Planning and Budgeting for Nutrition Programs in Tanzania: Lessons Learned From the National Vitamin A Supplementation Program.
BACKGROUND: Micronutrient deficiency in Tanzania is a significant public health problem, with vitamin A deficiency (VAD) affecting 34% of children aged 6 to 59 months. Since 2007, development partners have worked closely to advocate for the inclusion of twice-yearly vitamin A supplementation and deworming (VASD) activities with budgets at the subnational level, where funding and implementation occur. As part of the advocacy work, a VASD planning and budgeting tool (PBT) was developed and is used by district officials to justify allocation of funds. Helen Keller International (HKI) and the Tanzania Food and Nutrition Centre (TFNC) conduct reviews of VASD funds and health budgets annually in all districts to monitor the impact of advocacy efforts. This paper presents the findings of the fiscal year (FY) 2010 district budget annual review. The review was intended to answer the following questions regarding district-level funding: (1) how many funds were allocated to nutrition-specific activities in FY 2010? (2) how many funds were allocated specifically to twice-yearly VASD activities in FY 2010? and (3) how have VASD funding allocations changed over time?

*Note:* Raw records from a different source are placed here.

Lemma mul_redlap (R : fieldType) (P Q : 'M[R]_m) i j :
  (P *m redlap R *m Q) i j =
  \sum_(d : E * bool) (dtail ends d != v2)%:R * P i (qrank (dtail ends d)) *
     ((dtail ends d != v2)%:R * Q (qrank (dtail ends d)) j -
      (dhead ends d != v2)%:R * Q (qrank (dhead ends d)) j).
Proof.
have PL l : (P *m redlap R) i l = \sum_(d : E * bool)
    (dtail ends d != v2)%:R * P i (qrank (dtail ends d)) *
    ((qrank (dtail ends d) == l)%:R - (dhead ends d == qval l)%:R).
  rewrite mxE; under eq_bigr => k _ do rewrite mxE mulr_sumr.
  rewrite exchange_big; apply: eq_bigr => d _.
  under eq_bigr => k _ do rewrite mulrCA.
  by rewrite (sum_qrank) mulrA.
rewrite mxE; under eq_bigr => l _ do rewrite PL mulr_suml.
rewrite exchange_big; apply: eq_bigr => d _.
under eq_bigr => l _ do rewrite -mulrA mulrBl.
rewrite -mulr_sumr sumrB (sum_qrank).
under eq_bigr => l _ do rewrite eq_sym.
rewrite sum_natr_eq; case: (dtail ends d != v2); rewrite ?mul1r ?mul0r //.
Qed.

End MatrixTree.

Lemma xF_neq0 : xF != 0.
Proof. by rewrite /xF tofrac_eq0 polyX_eq0. Qed.

Section Laplacian.
Variables (V E : finType) (ends : E -> V * V) (v1 v2 : V) (hv : v1 != v2).
Local Notation m := #|{: qvert v2}|.
Local Notation qval := (@qval V v2).
Local Notation qrank := (qrank hv).
Local Notation tl := (dtail ends).
Local Notation hd := (dhead ends).

(* The vertex [u] of [H_0] lies over the quotient vertex [i] such that
   [qind u i = 1], at height [xlevel u] ([x^-1] for [v2], [1] otherwise). *)
Definition qind u (i : 'I_m) : Fx := ((join_vtx v1 v2 0 u).1 == qval i)%:R.
Definition xlevel u : Fx := xF ^ (join_vtx v1 v2 0 u).2.

Lemma xlevel_neq0 u : xlevel u != 0.
Proof. by rewrite expfz_eq0 negb_and xF_neq0 orbT. Qed.

Lemma qind_mul u i j : qind u i * qind u j = (i == j)%:R * qind u i.
Proof.
rewrite /qind; have [<-|ij] := eqVneq i j; first by case: (_ == _); rewrite ?mulr1 ?mulr0.
case: eqP => [ui|]; rewrite ?mul0r ?mulr0 //.
case: eqP => [uj|]; rewrite ?mulr0 //.
by case/eqP: ij; apply: qval_inj; rewrite -ui -uj.
Qed.

Lemma lapL_darts i j : lapL ends v1 v2 i j =
  \sum_(d : E * bool) qind (tl d) i / xlevel (tl d) *
     (xlevel (tl d) * qind (tl d) j - xlevel (hd d) * qind (hd d) j).
Proof.
rewrite mxE /lapD /lapA -(pair_bigA _ (fun e b => qind (tl (e, b)) i / xlevel (tl (e, b)) *
     (xlevel (tl (e, b)) * qind (tl (e, b)) j - xlevel (hd (e, b)) * qind (hd (e, b)) j))).
have -> n : (if i == j then n%:R else 0) = (i == j)%:R * n%:R :> Fx.
  by case: (i == j); rewrite ?mul1r ?mul0r.
rewrite natr_sum mulr_sumr -sumrB; apply: eq_bigr => e _.
rewrite natr_sum mulr_sumr -sumrB; apply: eq_bigr => b _ /=.
have -> : xF ^ ((join_vtx v1 v2 0 (dart ends e b).2).2 - (join_vtx v1 v2 0 (dart ends e b).1).2)
          = xlevel (hd (e, b)) / xlevel (tl (e, b)).
  by rewrite expfzDr ?xF_neq0 // -invr_expz.
move: (qind_mul (tl (e, b)) i j) (xlevel_neq0 (tl (e, b))).
rewrite /qind /qval /dtail /dhead /=.
move: (xlevel _) (xlevel _) => wh wt.
move: (_.1 == sval (enum_val i)) (_.1 == sval (enum_val j)) (_.1 == sval (enum_val j)).
case=> [] hj tj tij wt0; rewrite ?andFb ?andTb; last by rewrite mulr0 !mul0r subrr.
rewrite mulr1 mul1r in tij; rewrite mulr1 -tij.
rewrite mulr1n div1r mulrBr mulrA mulVf // mul1r.
by case: hj; rewrite ?mulr1 ?mulr0 ?subr0 // [wt^-1 * _]mulrC.
Qed.

(* With [a u := qind u / xlevel u] and [b u := xlevel u * qind u], [L(x)] is
   the sum over darts of [a (tail) * (b (tail) - b (head))^T] (lapL_darts);
   column [qrank u] of [glueL] is [a u - a v2], row [qrank u] of [glueR] is
   [b u - b v2]. *)
Definition glueL : 'M[Fx]_m := \matrix_(i, j) ((i == j)%:R - xF * (i == qrank v1)%:R).
Definition glueR : 'M[Fx]_m := \matrix_(i, j) ((i == j)%:R - xF^-1 * (j == qrank v1)%:R).

Lemma det_glueL : \det glueL = 1 - xF.
Proof. exact: det_1_sub_row. Qed.

Lemma det_glueR : \det glueR = 1 - xF^-1.
Proof.
rewrite -det_tr -(det_1_sub_row (qrank v1)); congr (\det _).
by apply/matrixP => i j; rewrite !mxE eq_sym.
Qed.

Lemma glueL_col u i :
  (u != v2)%:R * glueL i (qrank u) = qind u i / xlevel u - xF * (i == qrank v1)%:R.
Proof.
rewrite /qind /xlevel /join_vtx mxE; have [->|uv2] := eqVneq u v2.
  by rewrite /= mul0r (eq_qval hv) // (_ : 0 - 1 = -1 :> int) // exprN1 invrK mulrC subrr.
by rewrite /= mul1r expr0z divr1 (eq_qval hv).
Qed.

METHODS: Budgets from all 133 districts in Tanzania were accessed, reviewed and documented to identify line item funds allocated for VASD and other nutrition activities in FY 2010. Retrospective data from prior annual reviews for VASD were used to track trends in funding. The data were collected using specific data forms and then transcribed into an excel spreadsheet for analysis.
RESULTS: The total funds allocated in Tanzania’s districts in FY 2010 amounted to US$1.4 million of which 92% were for VASD. Allocations for VASD increased from US$0.387 million to US$1.3 million between FY 2005 and FY 2010. Twelve different nutrition activities were identified in budgets across the 133 districts. Despite the increased trend, the percentage of districts allocating sufficient funds to implement VAS (as defined by cost per child) was just 21%.
DISCUSSION: District-driven VAS funding in Tanzania continues to be allocated by districts consistently, although adequacy of funding is a concern. However, regular administrative data point to fairly high and consistent coverage rates for VAS across the country (over 80% over the last 10 years). Although this analysis may have omitted some nutrition-specific funding not identified in district budget data, it represents a reliable reflection of the nutrition funding landscape in FY 2010. For this year, total district nutrition allocations add up to only 2% of the amount needed to implement nutrition services at scale according to Tanzania’s National Nutrition Strategy Implementation Plan.
CONCLUSION: VASD advocacy and planning support at the district level has succeeded in ensuring district allocations for the program. To promote sustainable implementation of other nutrition interventions in Tanzania, more funds must be allocated and guidance must be accompanied by tools that enable planning and budgeting at the district level.